Anuncios de pisos en una inmobiliaria en Barcelona. / Ferran Nadeu

Nadie en su sano juicio puede poner en duda que la protección del derecho a la vivienda necesita una ley que desarrolle lo que garantiza la Constitución. El Gobierno de Pedro Sánchez y Yolanda Díaz han tenido el coraje de afrontar por primera vez este reto del que, por ahora, no tenemos un texto articulado sino algunos esbozos en forma de titulares. En determinadas ciudades y en determinadas zonas geográficas, resulta cuanto menos que imposible para muchas familias acceder a una vivienda digna, sea de alquiler o de propiedad. Eso es una realidad que reconocen todos los economistas y las formaciones políticas constitucionalistas. No ocurre solo en España. Alemania, Portugal o algunos países nórdicos han afrontado retos similares. Y no siempre las recetas que parecen más atrevidas han acabado siendo las más eficaces. Por eso, el debate de esta futura ley debería hacerse desde la seriedad, y no desde los prejuicios ideológicos y mucho menos desde la demagogia populista.

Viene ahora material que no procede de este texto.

(* Let $n$ be a positive integer and let $\mathcal{H}_{DL;n}$ be the class of decision lists over $n$ Boolean variables. For any $\epsilon\in(2^{-n},1)$, the class $\mathcal{H}_{DL;n}$ is $\left(\min\left\{\frac{1}{200n^4},\epsilon\right\},\epsilon\right)$-separable.
   Context: The domain is $\mathcal{X}=\{0,1\}^n$. A decision list is a function $\mathcal{X}\to\{0,1\}$ of the form ''if $\ell_1$ then $b_1$ else if $\ell_2$ then $b_2$ $\ldots$ else if $\ell_k$ then $b_k$ else $b_{k+1}$'', where $\ell_1,\ldots,\ell_k$ are literals (variables $x_r$ or their negations) over the $n$ variables and $b_1,\ldots,b_{k+1}\in\{0,1\}$; $\mathcal{H}_{DL;n}$ is the set of all such functions. For a class $\mathcal{H}$ over finite domain $\mathcal{X}$, the hypotheses graph is bipartite with parts $\mathcal{H}$ and $\mathcal{X}$, $h$ adjacent to $x$ iff $h(x)=1$. For $S\subseteq\mathcal{X}$, $T\subseteq\mathcal{H}$, $d(S,T)=\frac{e(S,T)}{|S||T|}$ with $e(S,T)$ the number of edges between $S$ and $T$. Hypotheses $h_1,h_2$ are $\epsilon$-close if $|\{x\in\mathcal{X}: h_1(x)\ne h_2(x)\}|\le\epsilon|\mathcal{X}|$; $B_h(\epsilon)$ is the set of hypotheses $\epsilon$-close to $h$. $T\subseteq\mathcal{H}$ is $(\alpha,\epsilon)$-tight if some $h$ has $|T\cap B_h(\epsilon)|\ge\alpha|T|$. $\mathcal{H}$ is $(\alpha,\epsilon)$-separable if for every $T\subseteq\mathcal{H}$ that is not $(\alpha,\epsilon)$-tight there exist $S\subseteq\mathcal{X}$ and disjoint $T_0,T_1\subseteq T$ with $|S|\ge\alpha|\mathcal{X}|$, $|T_0|,|T_1|\ge\alpha|T|$ and $|d(S,T_0)-d(S,T_1)|\ge\alpha$. *)

From mathcomp Require Import all_boot all_order all_algebra.
From mathcomp Require Import reals.
Set Implicit Arguments. Unset Strict Implicit. Unset Printing Implicit Defensive.
Import Order.TTheory GRing.Theory Num.Theory.
Local Open Scope ring_scope.
Definition rows : list row := ([
  (1%nat, [[0;0;0]], []);
  (2%nat, [[0;1;1]], []);
  (3%nat, [[0;1;2]], [[0;0;0]]);
  (3%nat, [[0;1;1]; [0;0;2]], []);
  (3%nat, [[0;1;1]; [2;2;2]], []);
  (4%nat, [[0;1;2]; [0;3;3]], [[1;1;3]]);
  (4%nat, [[0;1;2]; [0;3;3]], [[1;1;1]]);
  (4%nat, [[0;1;2]; [0;0;3]], [[1;3;3]]);
  (4%nat, [[0;1;2]; [0;0;3]], [[1;1;1]]);
  (4%nat, [[0;1;2]; [3;3;3]], []);
  (4%nat, [[0;1;1]; [2;3;3]], [[0;0;3]]);
  (4%nat, [[0;1;1]; [0;0;2]; [3;3;3]], []);
  (5%nat, [[0;1;2]; [0;3;4]], [[1;3;3]; [1;1;4]]);
  (5%nat, [[0;1;2]; [0;3;4]], [[1;3;3]; [2;4;4]; [0;0;0]]);
  (5%nat, [[0;1;2]; [0;3;4]], [[1;3;3]; [2;2;4]]);
  (5%nat, [[0;1;2]; [0;3;4]], [[1;3;3]; [2;2;2]]);
  (5%nat, [[0;1;2]; [0;3;4]], [[1;3;3]; [4;4;4]]);
  (5%nat, [[0;1;2]; [0;3;3]; [0;0;4]], [[1;4;4]]);
  (5%nat, [[0;1;2]; [0;3;3]; [0;0;4]], [[1;1;3]]);
  (5%nat, [[0;1;2]; [0;3;3]; [0;0;4]], [[1;1;1]]);
  (5%nat, [[0;1;2]; [0;3;3]; [1;4;4]], [[0;0;4]]);
  (5%nat, [[0;1;2]; [0;3;3]; [1;4;4]], [[2;2;3]]);
  (5%nat, [[0;1;2]; [0;3;3]; [1;4;4]], [[2;2;2]]);
  (5%nat, [[0;1;2]; [0;3;3]; [1;1;4]], [[2;4;4]]);
  (5%nat, [[0;1;2]; [0;3;3]; [1;1;4]], [[2;2;3]]);
  (5%nat, [[0;1;2]; [0;3;3]; [1;1;4]], [[2;2;2]]);
  (5%nat, [[0;1;2]; [0;3;3]; [3;4;4]], [[1;1;4]]);
  (5%nat, [[0;1;2]; [0;3;3]; [3;4;4]], [[1;1;1]]);
  (5%nat, [[0;1;2]; [0;3;3]; [4;4;4]], [[1;1;3]]);
  (5%nat, [[0;1;2]; [0;0;3]; [1;1;4]], [[0;4;4]]);
  (5%nat, [[0;1;2]; [0;0;3]; [1;1;4]], [[2;3;3]]);
  (5%nat, [[0;1;2]; [0;0;3]; [1;1;4]], [[2;2;2]]);
  (5%nat, [[0;1;2]; [0;0;3]; [3;3;4]], [[1;1;4]]);
  (5%nat, [[0;1;2]; [0;0;3]; [3;3;4]], [[1;1;1]]);
  (5%nat, [[0;1;2]; [0;0;3]; [4;4;4]], [[1;3;3]]);
  (5%nat, [[0;1;2]; [3;4;4]], [[0;0;0]]);
  (5%nat, [[0;1;1]; [2;3;3]; [0;0;4]], [[1;2;2]]);
  (5%nat, [[0;1;1]; [2;3;3]; [0;0;4]], [[3;4;4]]);
  (5%nat, [[0;1;1]; [2;3;3]; [4;4;4]], [[0;0;3]])
])%nat.

Definition deg3_value {V : Type} (corners : V -> list R) (x : R) : Prop :=
  exists v, length (corners v) = 3%nat /\ In x (corners v).

Definition occurs {V : Type} (corners : V -> list R) (name : nat -> R) (t : combo) : Prop :=
  exists v, length (corners v) = 3%nat /\ Permutation (corners v) (map name t).

(* Name the k distinct angle values x 0, ..., x (k-1).  The corners of a
   degree 3 vertex form a combination: a multiset of three letters, stored as
   a sorted triple.  Every occurring combination sums to 2 PI, so any two
   occurring combinations have equal sums.  These are linear equations in the
   letters; a set of combinations whose equations force two distinct letters
   to coincide cannot be the set of occurring combinations.

   The proof is a verified exhaustive search.  For each k <= 5 it runs over
   all sets of sorted triples over k letters, deciding triple by triple
   whether it belongs to the set; a branch is cut as soon as the chosen
   triples force two letters to coincide, which is detected by fraction-free
   Gaussian elimination over the integers on the forms "sum of one
   combination minus sum of another".  At every surviving set in which each
   letter occurs, some renaming of the letters must match a row (N; O). *)

From Stdlib Require Import Reals List Permutation Arith ZArith Lia Lra Mergesort Classical.
Import ListNotations.
Open Scope R_scope.

(* Short-circuiting boolean quantifiers over lists; unlike [existsb] and
   [forallb] they stop early under the call-by-value strategy of [vm_compute]. *)
Fixpoint anyb {A : Type} (f : A -> bool) (l : list A) : bool :=
  match l with [] => false | a :: l' => if f a then true else anyb f l' end.
Fixpoint allb {A : Type} (f : A -> bool) (l : list A) : bool :=
  match l with [] => true | a :: l' => if f a then allb f l' else false end.

Lemma anyb_existsb {A : Type} (f : A -> bool) (l : list A) : anyb f l = existsb f l.
Proof. induction l as [|a l IH]; simpl; [|destruct (f a)]; auto. Qed.

Lemma allb_forallb {A : Type} (f : A -> bool) (l : list A) : allb f l = forallb f l.
Proof. induction l as [|a l IH]; simpl; [|destruct (f a)]; auto. Qed.

Definition mem (c : combo) (L : list combo) : bool :=
  if in_dec (list_eq_dec Nat.eq_dec) c L then true else false.

Lemma mem_In (c : combo) (L : list combo) : mem c L = true <-> In c L.
Proof. unfold mem; destruct in_dec; split; auto; discriminate. Qed.

Definition sumc (x : nat -> R) (t : combo) : R := fold_right Rplus 0 (map x t).

Lemma sum_perm (l1 l2 : list R) :
  Permutation l1 l2 -> fold_right Rplus 0 l1 = fold_right Rplus 0 l2.
Proof. induction 1; simpl; lra. Qed.

Definition equal_sums (x : nat -> R) (E : list combo) : Prop :=
  forall b b', In b E -> In b' E -> sumc x b = sumc x b'.

Definition canon (t : combo) : combo := NatSort.sort t.

Definition allc (k : nat) : list combo :=
  flat_map (fun a => flat_map (fun b => map (fun d => [a; b; d]) (seq b (k - b)))
                              (seq a (k - a))) (seq 0 k).

Lemma canon_in_allc (k : nat) (t : combo) :
  length t = 3%nat -> (forall i, In i t -> (i < k)%nat) -> In (canon t) (allc k).
Proof.
  intros Hlen Hk.
  pose proof (NatSort.Permuted_sort t) as Hperm.
  pose proof (NatSort.LocallySorted_sort t) as Hsorted.
  assert (Hlen' : length (canon t) = 3%nat)
    by (unfold canon; rewrite <- (Permutation_length Hperm); exact Hlen).
  assert (Hk' : forall i, In i (canon t) -> (i < k)%nat)
    by (intros i Hi; apply Hk, (Permutation_in _ (Permutation_sym Hperm) Hi)).
  unfold canon in *.
  destruct (NatSort.sort t) as [|a [|b [|d [|]]]]; try discriminate.
  inversion Hsorted as [| |? ? ? Hbd Hab]; subst.
  inversion Hbd as [| |? ? ? _ Hbd']; subst.
  change (Nat.leb a b = true) in Hab; change (Nat.leb b d = true) in Hbd'.
  apply Nat.leb_le in Hab; apply Nat.leb_le in Hbd'.
  assert (Hd : (d < k)%nat) by (apply Hk'; simpl; auto).
  unfold allc; apply in_flat_map; exists a; split; [apply in_seq; lia|].
  apply in_flat_map; exists b; split; [apply in_seq; lia|].
  apply in_map_iff; exists d; split; [reflexivity|apply in_seq; lia].
Qed.

(* A linear form in the letters, given by its integer coefficients. *)
Definition form := list Z.

Fixpoint feval (f : form) (x : nat -> R) : R :=
  match f with [] => 0 | a :: f' => IZR a * x O + feval f' (fun i => x (S i)) end.

Fixpoint fadd (f g : form) : form :=
  match f, g with
  | [], _ => g
  | _, [] => f
  | a :: f', b :: g' => (a + b)%Z :: fadd f' g'
  end.

Definition fscale (c : Z) (f : form) : form := map (Z.mul c) f.

Definition fsub (f g : form) : form := fadd f (fscale (-1) g).

Fixpoint unit (i : nat) : form := match i with O => [1%Z] | S i => 0%Z :: unit i end.

Definition cvec (t : combo) : form := fold_right (fun i f => fadd (unit i) f) [] t.

Definition is_zero (f : form) : bool := forallb (Z.eqb 0) f.

Lemma feval_add (f g : form) (x : nat -> R) : feval (fadd f g) x = feval f x + feval g x.
Proof.
  revert g x; induction f as [|a f IH]; intros [|b g] x; simpl; try lra.
  rewrite IH, plus_IZR; ring.
Qed.

Lemma feval_scale (c : Z) (f : form) (x : nat -> R) : feval (fscale c f) x = IZR c * feval f x.
Proof.
  revert x; induction f as [|a f IH]; intros x; simpl; [ring|].
  rewrite IH, mult_IZR; ring.
Qed.

Lemma feval_sub (f g : form) (x : nat -> R) : feval (fsub f g) x = feval f x - feval g x.
Proof. unfold fsub; rewrite feval_add, feval_scale; simpl; ring. Qed.

Lemma feval_unit (i : nat) (x : nat -> R) : feval (unit i) x = x i.
Proof. revert x; induction i as [|i IH]; intros x; simpl; [|rewrite IH]; ring. Qed.

Lemma feval_cvec (t : combo) (x : nat -> R) : feval (cvec t) x = sumc x t.
Proof.
  induction t as [|i t IH]; simpl; [reflexivity|].
  rewrite feval_add, feval_unit, IH; reflexivity.
Qed.

Lemma feval_is_zero (f : form) (x : nat -> R) : is_zero f = true -> feval f x = 0.
Proof.
  revert x; induction f as [|a f IH]; intros x H; simpl in *; [reflexivity|].
  apply andb_prop in H as [Ha Hf]; destruct a; try discriminate Ha.
  rewrite IH by exact Hf; ring.
Qed.

Fixpoint pivot (f : form) : option (nat * Z) :=
  match f with
  | [] => None
  | a :: f' => if Z.eqb a 0 then option_map (fun '(p, c) => (S p, c)) (pivot f')
               else Some (O, a)
  end.
Lemma ric_lpos_sum_gt0 k l p (F : 'M[C]_(k, n)) (Y : 'M[C]_(p, k)) :
  ric_lpos R k l -> (0 < l)%N -> (l <= p)%N -> unitary_frame F -> Y \is unitarymx ->
  0 < \sum_(a < p) \sum_(i < k) curv R (row a (Y *m F)) (row a (Y *m F)) (row i F) (row i F).
Proof.
move=> R_lpos l_gt0 lelp F_frame Y_unitary; rewrite -trace_ric_mx.
have := sum_smallest_eigs_le_trace (ric_mx_hermitian F) Y_unitary l_gt0 lelp.
have p_gt0 : (0 < p)%N := leq_trans l_gt0 lelp.
have l_pos : 0 < l%:R :> C by rewrite ltr0n.
rewrite -(pmulr_rgt0 _ l_pos); apply: lt_le_trans.
by rewrite mulr_gt0 ?ltr0n ?R_lpos.
Qed.

Lemma ric_lpos_S_pos k l : (0 < l)%N -> (l <= k)%N -> ric_lpos R k l -> S_pos R k.
Proof.
move=> l_gt0 lelk R_lpos F F_frame.
have one_unitary : (1%:M : 'M[C]_k) \is unitarymx by apply/unitarymxP; rewrite trmx1 map_mx1 mulmx1.
by have := ric_lpos_sum_gt0 R_lpos l_gt0 lelk F_frame one_unitary; rewrite mul1mx.
Qed.

Lemma ric_lpos_BC_pos_le k l p : (0 < l)%N -> (l <= p)%N -> (p <= k)%N -> (k <= n)%N ->
  ric_lpos R k l -> BC_pos R p.
Proof.
move=> l_gt0 lelp lepk lekn R_lpos E E_frame.
pose A : 'M[C]_(k, n) := pid_mx p *m E.
have E_sub : (E <= A)%MS.
  by apply/submxP; exists (pid_mx p); rewrite mulmxA pid_mx_id // pid_mx_1 mul1mx.
have F_frame : unitary_frame (schmidt A) by apply/unitary_frameE/schmidt_unitarymx.
have [Y EY] := submxP (submx_trans E_sub (schmidt_sub A)).
have Y_unitary : Y \is unitarymx.
  apply/unitarymxP; move/unitary_frameE/unitarymxP: E_frame.
  by rewrite EY trmx_mul map_mxM mulmxA -(mulmxA Y) (unitarymxP (schmidt_unitarymx A lekn)) mulmx1.
have := ric_lpos_sum_gt0 R_lpos l_gt0 lelp F_frame Y_unitary; rewrite -EY exchange_big /=.
under eq_bigr do under eq_bigr do rewrite (curv_sym13 hR) (curv_sym24 hR).
exact: BC_witness.
Qed.

Lemma not_ric_lpos0 k : (k <= n)%N -> ~ ric_lpos R k 0.
Proof.
move=> lekn R_lpos; pose F : 'M[C]_(k, n) := pid_mx k.
have F_frame : unitary_frame F.
  apply/unitary_frameE/unitarymxP; rewrite /F tr_pid_mx map_pid_mx.
  by rewrite pid_mx_id // pid_mx_1.
by have := R_lpos F F_frame; rewrite /sum_smallest_eigs big_ord0 ltxx.
Qed.

End Positivity.

Theorem proposition4p5 (C : numClosedFieldType) (n : nat) (R : curv_tensor C n)
  (hR : kahler_curvature R) (k : nat) (hk : (k <= n)%N) :
  (S_pos R k -> forall p : nat, (k <= p)%N -> BC_pos R p) /\
  (forall l : nat, (l <= k)%N -> ric_lpos R k l ->
     forall p : nat, (l <= p)%N -> (p <= n)%N -> BC_pos R p).
Proof.
split; first by move=> R_pos p /(S_pos_BC_pos_ge hR R_pos).
move=> l lelk R_lpos p lelp lepn.
have [l0|l_gt0] := posnP l; first by move: R_lpos; rewrite l0 => /(not_ric_lpos0 hk).
have [lekp|ltpk] := leqP k p.
  exact: (S_pos_BC_pos_ge hR (ric_lpos_S_pos hR l_gt0 lelk R_lpos) lekp).
exact: (ric_lpos_BC_pos_le hR l_gt0 lelp (ltnW ltpk) hk R_lpos).
Qed.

Hacer asequible la vivienda tiene diversas recetas. Algunas ya las hemos probado. El Partido Popular, en tiempos de José María Aznar, propició una liberalización total del suelo y un abaratamiento de los tipos de interés. Subieron los precios y bajaron las hipotecas. El resultado fue una burbuja inmobiliaria que explotó en 2008, tras cuatro años en los que el PSOE de Zapatero mantuvo la misma política. Esa burbuja no gustó tampoco a los inversores tradicionales del sector que vieron como irrumpían en el mercado fondos con demasiada ansiedad que no conocían las claves de la actividad. Otra receta posible son los incentivos fiscales, que la época de la austeridad se ha llevado por delante. Y quedan las dos que ahora se insinúa que se pondrán en marcha: la promoción de pisos a precio asequible y la regulación de los abusos que se pudieran producir en los precios del alquiler en las zonas más tensionadas. La Constitución define a España como un Estado social y democrático de derecho, lo cual significa que no se excluye sistemáticamente la intervención pública en la economía. Pero debe ajustarse a derecho. Y esa es la clave que debe guiar la tramitación de la nueva ley. El problema existe. No tiene soluciones mágicas. Y estas no pueden pasar por colisionar con otros derechos fundamentales, como es el de la propiedad. Anunciar hoy un recurso a una ley que no está ni redactada, ni tramitada ni aprobada es poco menos que una temeridad. Plantear esta ley como una conquista ideológica que pone fin a un cierto liberalismo tampoco soluciona el problema.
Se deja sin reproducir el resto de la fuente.